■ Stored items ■
_ _ _ _ _ _ _
(* If $n$ is a non-negative integer, then $$\sum_{k = 1}^n \sum_{j = 0}^{k - 1} \frac{2^{2j}}{k - j} \binom{2(n - j)}{n - j} = 2^{2n + 1} + \left(H_n - 2\right)(2n + 1)\binom{2n}{n}$$ and $$\sum_{k = 1}^n \sum_{j = 0}^{k - 1} \frac{2^{2j}}{2k - 2j - 1} \binom{2(n - j)}{n - j} = \left(O_{n + 1} - 1 \right)(2n + 1)\binom{2n}{n}.$$
   Context: $H_n=\sum_{m=1}^n\frac1m$ and $O_n=\sum_{m=1}^n\frac1{2m-1}$. Empty sums are zero. *)

From mathcomp Require Import all_boot all_order all_algebra.
Set Implicit Arguments. Unset Strict Implicit. Unset Printing Implicit Defensive.
Import GRing.Theory Num.Theory.
Local Open Scope ring_scope.

Definition harm (n : nat) : rat := \sum_(1 <= m < n.+1) (m%:R)^-1.
Definition oharm (n : nat) : rat := \sum_(1 <= m < n.+1) ((2 * m - 1)%N%:R)^-1.

(** Swapping the order of summation turns both double sums into convolutions
    [\sum_(j < n) 4^j h(n - j) C(2(n - j), n - j)] with [h = H] resp. [h = O].
    Such a convolution [S n] is characterised by [S 0 = 0] and
    [S (n + 1) = h(n + 1) C(2n + 2, n + 1) + 4 S n], so it suffices to check
    that both closed forms satisfy this recurrence, which follows from
    [(n + 1) C(2n + 2, n + 1) = 2 (2n + 1) C(2n, n)]. *)

From mathcomp Require Import all_boot all_order all_algebra.
From mathcomp Require Import ring zify.
Import GRing.Theory Num.Theory.
Local Open Scope ring_scope.

Lemma sum_triangle_subn (V : nmodType) (F : nat -> nat -> V) n :
  \sum_(1 <= k < n.+1) \sum_(0 <= j < k) F j (k - j)%N =
  \sum_(0 <= j < n) \sum_(1 <= i < (n - j).+1) F j i.
Proof.
elim: n => [|n IHn]; first by rewrite !big_geq.
rewrite big_nat_recr //= IHn [RHS]big_nat_recr //= [X in _ + X]big_nat_recr //=.
rewrite addrA -big_split subSnn big_nat1; congr (_ + _).
by apply: eq_big_nat => j /andP[_ ltjn]; rewrite subSn ?(ltnW ltjn) // [RHS]big_nat_recr.
Qed.

Lemma sum_expr_convS (R : pzSemiRingType) (x : R) (g : nat -> R) n :
  \sum_(0 <= j < n.+1) x ^+ j * g (n.+1 - j)%N
    = g n.+1 + x * \sum_(0 <= j < n) x ^+ j * g (n - j)%N.
Proof.
rewrite big_nat_recl // expr0 mul1r subn0 mulr_sumr.
by congr (_ + _); apply: eq_bigr => j _; rewrite subSS exprS mulrA.
Qed.

Lemma mul_central_binS n :
  (n.+1 * 'C(2 * n.+1, n.+1) = 2 * (2 * n + 1) * 'C(2 * n, n))%N.
Proof.
have diag := mul_bin_diag (2 * n.+1) n.
have down := mul_bin_down (2 * n + 1) n.
rewrite (_ : (2 * n.+1).-1 = 2 * n + 1)%N in diag; last by lia.
rewrite (_ : (2 * n + 1).-1 = 2 * n)%N in down; last by lia.
rewrite (_ : (2 * n + 1 - n = n.+1)%N) in down; last by lia.
by rewrite -diag -!mulnA down.
Qed.

Lemma harmS n : harm n.+1 = harm n + (n.+1)%:R^-1.
Proof. by rewrite /harm big_nat_recr. Qed.

Lemma oharmS n : oharm n.+1 = oharm n + ((2 * n + 1)%N%:R)^-1.
Proof. by rewrite /oharm big_nat_recr //=; congr (_ + (_%:R)^-1); lia. Qed.

Definition central_bin (m : nat) : rat := ('C(2 * m, m))%:R.

Lemma central_binS n :
  central_bin n.+1 = 2%:R * (2 * n + 1)%N%:R * central_bin n / (n.+1)%:R.
Proof.
rewrite /central_bin -!natrM -mul_central_binS [(n.+1 * _)%N]mulnC natrM.
by rewrite mulfK // pnatr_eq0.
Qed.

Lemma harm_conv_central_bin n :
  \sum_(0 <= j < n) 2%:R ^+ (2 * j) * (harm (n - j) * central_bin (n - j))
    = 2%:R ^+ (2 * n + 1) + (harm n - 2%:R) * (2 * n + 1)%N%:R * central_bin n.
Proof.
under eq_bigr do rewrite exprM.
elim: n => [|n IHn]; first by rewrite big_geq // /harm big_geq // /central_bin; ring.
rewrite (@sum_expr_convS _ _ (fun m => harm m * central_bin m)) IHn central_binS harmS.
rewrite (_ : 2 * n.+1 + 1 = 2 * n + 1 + 2)%N; last by lia.
rewrite !(natrD, natrM) !exprD.
by field; rewrite nat1r pnatr_eq0.
Qed.

Lemma oharm_conv_central_bin n :
  \sum_(0 <= j < n) 2%:R ^+ (2 * j) * (oharm (n - j) * central_bin (n - j))
    = (oharm n.+1 - 1) * (2 * n + 1)%N%:R * central_bin n.
Proof.
under eq_bigr do rewrite exprM.
elim: n => [|n IHn]; first by rewrite big_geq // /oharm big_nat1 /= invr1 subrr !mul0r.
rewrite (@sum_expr_convS _ _ (fun m => oharm m * central_bin m)) IHn central_binS.
rewrite (oharmS n.+1) (_ : 2 * n.+1 + 1 = 2 * n + 1 + 2)%N; last by lia.
rewrite !(natrD, natrM).
by field; rewrite nat1r -natrM natr1 -natrD !pnatr_eq0 addn2.
Qed.

Theorem proposition19 (n : nat) :
  \sum_(1 <= k < n.+1) \sum_(0 <= j < k)
      (2%:R ^+ (2 * j) / (k - j)%N%:R * ('C(2 * (n - j), n - j))%:R : rat)
    = 2%:R ^+ (2 * n + 1) + (harm n - 2%:R) * (2 * n + 1)%N%:R * ('C(2 * n, n))%:R
  /\
  \sum_(1 <= k < n.+1) \sum_(0 <= j < k)
      (2%:R ^+ (2 * j) / (2 * k - 2 * j - 1)%N%:R * ('C(2 * (n - j), n - j))%:R : rat)
    = (oharm n.+1 - 1) * (2 * n + 1)%N%:R * ('C(2 * n, n))%:R.
Proof.
split.
  rewrite (@sum_triangle_subn _ (fun j i => 2%:R ^+ (2 * j) / i%:R * central_bin (n - j))).
  rewrite -harm_conv_central_bin; apply: eq_bigr => j _.
  by rewrite /harm mulr_suml mulr_sumr; apply: eq_bigr => i _; rewrite mulrA mulrAC.
under eq_bigr do under eq_bigr do rewrite -mulnBr.
rewrite (@sum_triangle_subn _ (fun j i => 2%:R ^+ (2 * j) / (2 * i - 1)%N%:R * central_bin (n - j))).
rewrite -oharm_conv_central_bin; apply: eq_bigr => j _.
by rewrite /oharm mulr_suml mulr_sumr; apply: eq_bigr => i _; rewrite mulrA mulrAC.
Qed.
_ _ _ _ _ _ _
Using the data above, return each line that includes the word "mulrAC".

  by rewrite /harm mulr_suml mulr_sumr; apply: eq_bigr => i _; rewrite mulrA mulrAC.
by rewrite /oharm mulr_suml mulr_sumr; apply: eq_bigr => i _; rewrite mulrA mulrAC.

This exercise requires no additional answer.